We wszystkich szkołach rozpoczęło się referendum w tej sprawie. Nauczyciele muszą odpowiedzieć na jedno pytanie: czy chcą, aby Karta - tak jak dziś określała na szczeblu centralnym: warunki, czas pracy i wynagrodzenie, formę zatrudnienia, uprawnienia socjalne. Innymi słowy, czy są za utrzymaniem dotychczasowych zasad wynagradzania i awansu zawodowego.
- Pojawiają się rozmaite propozycje zmian w Karcie nauczyciela, a nawet jej likwidacji. Nie możemy się na to zgodzić. Proponuje się na przykład, aby pensum, czyli liczbę godzin lekcyjnych, ustalać w zależności od przedmiotu. Inna dotyczy zarobków, które miałyby być ustalane na poziomie samorządów. Uważamy, że w czasie niżu demograficznego oraz wprowadzenia nowej podstawy programowej takie działania doprowadzą do lawinowych zwolnień w szkołach - mówi Kazimierz Piekarz, prezes okręgu śląskiego Związku Nauczycielstwa Polskiego.
W MEN uważają, że Karta nauczyciela jest przestarzała i niezrozumiała. Wyliczono, że od 1982 roku, czyli z chwilą jej uchwalenia dokonano już ok. 60 nowelizacji, w tym pięć razy po orzeczeniach Trybunału Konstytucyjnego w związku z niezgodnością jej przepisów z konstytucją. W 2007 roku zmieniano ją sześć razy, w 2008 trzy, a w 2009 pięć.
Zapowiada się ostra walka o przywileje. Nieprzejednane stanowisko utrzymuje centrala związkowa ZNP. Ich zdaniem utrzymanie Karty to być albo nie być dla zawodu nauczyciela. Są przekonani, że wyniki referendum będą takie, jakich oczekują.
- Swojej decyzji nie zmienimy.

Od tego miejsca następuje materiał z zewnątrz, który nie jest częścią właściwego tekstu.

(** * Admissible words *)

(* [RInt] is total, so linearity in the innermost integrand and the substitution
   [t = asin u] hold only for integrable integrands; [admissible w A B] asserts them for
   innermost integrands in the class [A], which [w] maps into [B]. *)
Record admissible (w : word) (A B : (R -> R) -> Prop) : Prop := {
  admissible_maps : forall g, A g -> B (iintf w g);
  admissible_linear : forall g1 g2 c, A g1 -> A g2 -> forall y, inI y ->
    iintf w (fun t => c * g1 t + g2 t) y = c * iintf w g1 y + iintf w g2 y;
  admissible_asin : forall g gx, A g -> (forall u, -1 < u < 1 -> gx u = g (asin u)) ->
    forall x, -1 < x < 1 -> iintf (map subst_letter w) gx x = iintf w g (asin x) }.

Lemma admissible_weaken w (A B A' B' : (R -> R) -> Prop) :
  admissible w A B -> (forall g, A' g -> A g) -> (forall g, B g -> B' g) ->
  admissible w A' B'.
Proof. intros [M L S] HA HB; split; auto. Qed.

Lemma admissible_nil A : admissible [] A A.
Proof. split; simpl; auto. Qed.

Lemma admissible_app w1 w2 A B C :
  admissible w1 B C -> admissible w2 A B -> admissible (w1 ++ w2) A C.
Proof.
  intros [M1 L1 S1] [M2 L2 S2]; split.
  - intros g Hg; replace (iintf (w1 ++ w2) g) with (iintf w1 (iintf w2 g)); auto.
    apply functional_extensionality; intros; symmetry; apply iintf_app.
  - intros g1 g2 c Hg1 Hg2 y Hy; rewrite !iintf_app, <- L1 by auto.
    apply iintf_local; auto.
  - intros g gx Hg Hgx x Hx; rewrite map_app, !iintf_app; apply S1; auto.
Qed.

Lemma admissible_Form f (A B : (R -> R) -> Prop) :
  (forall g, A g -> exists E, cont_extension (fun t => f t * g t) E /\
     B (fun y => RInt (fun t => f t * g t) 0 y)) ->
  admissible [Form f] A B.
Proof.
  intros H; split; simpl.
  - intros g Hg; destruct (H g Hg) as [E [_ HB]]; exact HB.
  - intros g1 g2 c Hg1 Hg2 y Hy.
    destruct (H g1 Hg1) as [E1 [HE1 _]]; destruct (H g2 Hg2) as [E2 [HE2 _]].
    pose proof (ex_RInt_cont_extension _ _ y HE1 Hy) as X1.
    pose proof (ex_RInt_cont_extension _ _ y HE2 Hy) as X2.
    rewrite (RInt_ext_R _ (fun t => c * (f t * g1 t) + f t * g2 t)) by (intros; ring).
    apply (is_RInt_unique (V := R_CompleteNormedModule)).
    apply (is_RInt_plus (V := R_CompleteNormedModule) (fun t => c * (f t * g1 t)));
      [apply (is_RInt_scal (V := R_CompleteNormedModule))|];
      apply (RInt_correct (V := R_CompleteNormedModule)); assumption.
  - intros g gx Hg Hgx x Hx; destruct (H g Hg) as [E [HE _]].
    apply (RInt_asin_change f g gx E); auto.
Qed.

Lemma admissible_Mul F (A B : (R -> R) -> Prop) :
  (forall g, A g -> B (fun y => F y * g y)) -> admissible [Mul F] A B.
Proof.
  intros H; split; simpl; auto.
  - intros; ring.
  - intros g gx Hg Hgx x Hx; rewrite Hgx; auto.
Qed.

Lemma cont_I_lin_iintf (B : lin) g :
  (forall cw, In cw B -> cont_I (iintf (snd cw) g)) -> cont_I (lin_iintf B g).
Proof.
  induction B as [|b B IH]; intros HB t Ht.
  - apply continuous_const.
  - change (continuous (fun y => fst b * iintf (snd b) g y + lin_iintf B g y) t).
    pose proof (HB b (or_introl eq_refl)) as Hb.
    assert (cont_I (lin_iintf B g)) by (apply IH; intros; apply HB; right; auto).
    cont_tac.
Qed.

Lemma iintf_lin_iintf w (B : lin) g y : admissible w cont_I cont_I ->
  (forall cw, In cw B -> cont_I (iintf (snd cw) g)) -> inI y ->
  fold_right (fun cw acc => fst cw * iintf w (iintf (snd cw) g) y + acc) 0 B
  = iintf w (lin_iintf B g) y.
Proof.
  intros Hw; induction B as [|b B IH]; intros HB Hy; simpl.
  - symmetry; apply iintf_zero.
  - assert (HB' : forall cw, In cw B -> cont_I (iintf (snd cw) g))
      by (intros; apply HB; right; assumption).
    rewrite IH, <- (admissible_linear _ _ _ Hw) by auto using cont_I_lin_iintf, in_eq.
    reflexivity.
Qed.

Lemma lin_iintf_comp (A B : lin) g y :
  (forall cw, In cw A -> admissible (snd cw) cont_I cont_I) ->
  (forall cw, In cw B -> cont_I (iintf (snd cw) g)) -> inI y ->
  lin_iintf (Defs.comp A B) g y = lin_iintf A (lin_iintf B g) y.
Proof.
  intros HA HB Hy; induction A as [|a A IH]; simpl; auto.
  change (Defs.comp (a :: A) B)
    with (map (fun cw' => (fst a * fst cw', snd a ++ snd cw')) B ++ Defs.comp A B).
  rewrite lin_iintf_app, IH by (intros; apply HA; right; assumption).
  rewrite <- iintf_lin_iintf by auto using in_eq.
  f_equal; clear IH HB; induction B as [|b B IHB]; simpl; [ring|].
  rewrite iintf_app, IHB, Rmult_plus_distr_l, Rmult_assoc; reflexivity.
Qed.
Lemma admissible_Form_cont f : cont_I f -> f 0 = 0 -> admissible [Form f] cont_I vanish2.
Proof.
  intros Hf Hf0; apply admissible_Form; intros g Hg.
  assert (HE : cont_extension (fun t => f t * g t) (fun t => f t * g t))
    by (apply cont_extension_cont; intros t Ht; cont_tac).
  exists (fun t => f t * g t); split; [exact HE|].
  apply (vanish2_RInt _ _ HE); cbv beta; rewrite Hf0; ring.
Qed.

Lemma admissible_Form_1 : admissible [Form (fun _ => 1)] vanish1 vanish2.
Proof.
  apply admissible_Form; intros g Hg; pose proof (cont_I_vanish1 g Hg) as HgC.
  assert (HE : cont_extension (fun t => 1 * g t) g) by (split; auto; intros; ring).
  exists g; split; [exact HE|apply (vanish2_RInt _ _ HE)].
  destruct Hg as [d [_ [_ H0]]]; exact H0.
Qed.

Lemma admissible_Form_tansec : admissible [Form tansec] cont_I tansec_primitive.
Proof.
  apply admissible_Form; intros g Hg; exists (fun t => tansec t * g t); split.
  - apply cont_extension_cont; intros t Ht; unfold tansec; cont_tac.
  - exists g; split; auto.
Qed.

Lemma admissible_Mul_cont F : cont_I F -> admissible [Mul F] cont_I cont_I.
Proof. intros HF; apply admissible_Mul; intros g Hg t Ht; cont_tac. Qed.

Lemma cont_extension_cot g d : C1_vanishing g d ->
  cont_extension (fun t => cotf t * g t) (fun t => cos t * fill0 (fun t => g t / sin t) (d 0) t).
Proof.
  intros Hd.
  destruct (cont_extension_mul cos _ _ (fun t _ => continuous_cos t)
              (cont_extension_div_sin g d Hd)) as [HE Eh].
  split; [exact HE|intros t Ht Ht0; rewrite Eh by auto; unfold cotf; field].
  apply sin_neq0_inI; auto.
Qed.

Lemma admissible_Form_cot1 : admissible [Form cotf] vanish1 vanish1.
Proof.
  apply admissible_Form; intros g [d Hd]; pose proof (cont_extension_cot g d Hd) as HE.
  eexists; split; [exact HE|apply (vanish1_RInt _ _ HE)].
Qed.

Lemma admissible_Form_cot2 : admissible [Form cotf] vanish2 vanish2.
Proof.
  apply admissible_Form; intros g [d [Hd Hd0]]; pose proof (cont_extension_cot g d Hd) as HE.
  eexists; split; [exact HE|apply (vanish2_RInt _ _ HE)].
  cbv beta; rewrite fill0_0, Hd0; ring.
Qed.

Lemma admissible_Form_csc : admissible [Form cscf] vanish2 vanish2.
Proof.
  apply admissible_Form; intros g [d [Hd Hd0]].
  destruct (cont_extension_div_sin g d Hd) as [HE Eh].
  assert (HE' : cont_extension (fun t => cscf t * g t) (fill0 (fun t => g t / sin t) (d 0))).
  { split; [exact HE|intros t Ht Ht0; rewrite Eh by auto; unfold cscf; field].
    apply sin_neq0_inI; auto. }
  eexists; split; [exact HE'|apply (vanish2_RInt _ _ HE')].
  rewrite fill0_0; exact Hd0.
Qed.

Lemma admissible_Mul_csc : admissible [Mul cscf] vanish2 cont_I.
Proof.
  apply admissible_Mul; intros g [d [Hd Hd0]].
  destruct (cont_extension_div_sin g d Hd) as [HE Eh].
  apply (cont_I_ext (fill0 (fun t => g t / sin t) (d 0))); [|exact HE].
  intros t Ht; destruct (Req_dec t 0) as [->|Ht0].
  - destruct Hd as [_ [_ H0]]; rewrite fill0_0, Hd0, H0; ring.
  - rewrite Eh by auto; unfold cscf; field; apply sin_neq0_inI; auto.
Qed.

Lemma admissible_Form_itan2 :
  admissible [Form (fun t => 1 / tan t ^ 2)] tansec_primitive vanish1.
Proof.
  apply admissible_Form; intros g [h [Hh Hg]].
  destruct (cont_extension_div_tan2 g h Hh Hg) as [HE Eh].
  assert (HE' : cont_extension (fun t => 1 / tan t ^ 2 * g t)
                  (fill0 (fun t => g t / tan t ^ 2) (h 0 / 2))).
  { split; [exact HE|intros t Ht Ht0; rewrite Eh by auto; field].
    apply tan_neq0_inI; auto. }
  eexists; split; [exact HE'|apply (vanish1_RInt _ _ HE')].
Qed.

Lemma admissible_cons l w A B C :
  admissible [l] B C -> admissible w A B -> admissible (l :: w) A C.
Proof. apply (admissible_app [l] w). Qed.

Lemma admissible_repeat l A m : admissible [l] A A -> admissible (repeat l m) A A.
Proof.
  intros H; induction m as [|m IH]; [apply admissible_nil|apply (admissible_cons _ _ _ A); auto].
Qed.

Lemma admissible_cot1 m : admissible (repeat (Form cotf) m) vanish1 vanish1.
Proof. apply admissible_repeat, admissible_Form_cot1. Qed.

Lemma admissible_cot2 m : admissible (repeat (Form cotf) m) vanish2 vanish2.
Proof. apply admissible_repeat, admissible_Form_cot2. Qed.

Lemma cont_I_dsec : cont_I dsec.
Proof. intros t Ht; unfold dsec; cont_tac. Qed.

Lemma cont_I_tansec : cont_I tansec.
Proof. intros t Ht; unfold tansec; cont_tac. Qed.

Lemma dsec_0 : dsec 0 = 0.
Proof. unfold dsec; rewrite tan_0; ring. Qed.

Lemma admissible_Form_dsec : admissible [Form dsec] cont_I vanish2.
Proof. apply admissible_Form_cont; [exact cont_I_dsec|exact dsec_0]. Qed.

Lemma admissible_Form_tan : admissible [Form tan] cont_I vanish2.
Proof. apply admissible_Form_cont; [exact continuous_tan_inI|exact tan_0]. Qed.

Lemma admissible_Form_sin_tan : admissible [Form (fun t => sin t * tan t)] cont_I vanish2.
Proof.
  apply admissible_Form_cont; [intros t Ht; cont_tac|].
  rewrite tan_0; ring.
Qed.

Lemma admissible_csc_dsec : admissible [Form cscf; Form dsec] cont_I vanish2.
Proof.
  apply (admissible_cons _ _ _ vanish2); [apply admissible_Form_csc|apply admissible_Form_dsec].
Qed.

Wyniki referendum przedstawimy podczas kolejnego spotkania w ministerstwie. Przekażemy ministerstwu oczekiwania nauczycieli - tłumaczy Magdalena Kaszulanis z ZNP w Warszawie.
- Wszystkim przeszkadza, że nauczyciele mają 18-godzinne pensum. A przecież praca nauczyciela nie ogranicza się do prowadzenia lekcji. Musi chociażby sprawdzić klasówki oraz przygotować się do lekcji. O tym się zapomina - komentuje nastroje społeczne Piekarz.
Sondowanie opinii nauczycielskich na temat najważniejszej dla nich ustawy potrwa do 20 maja.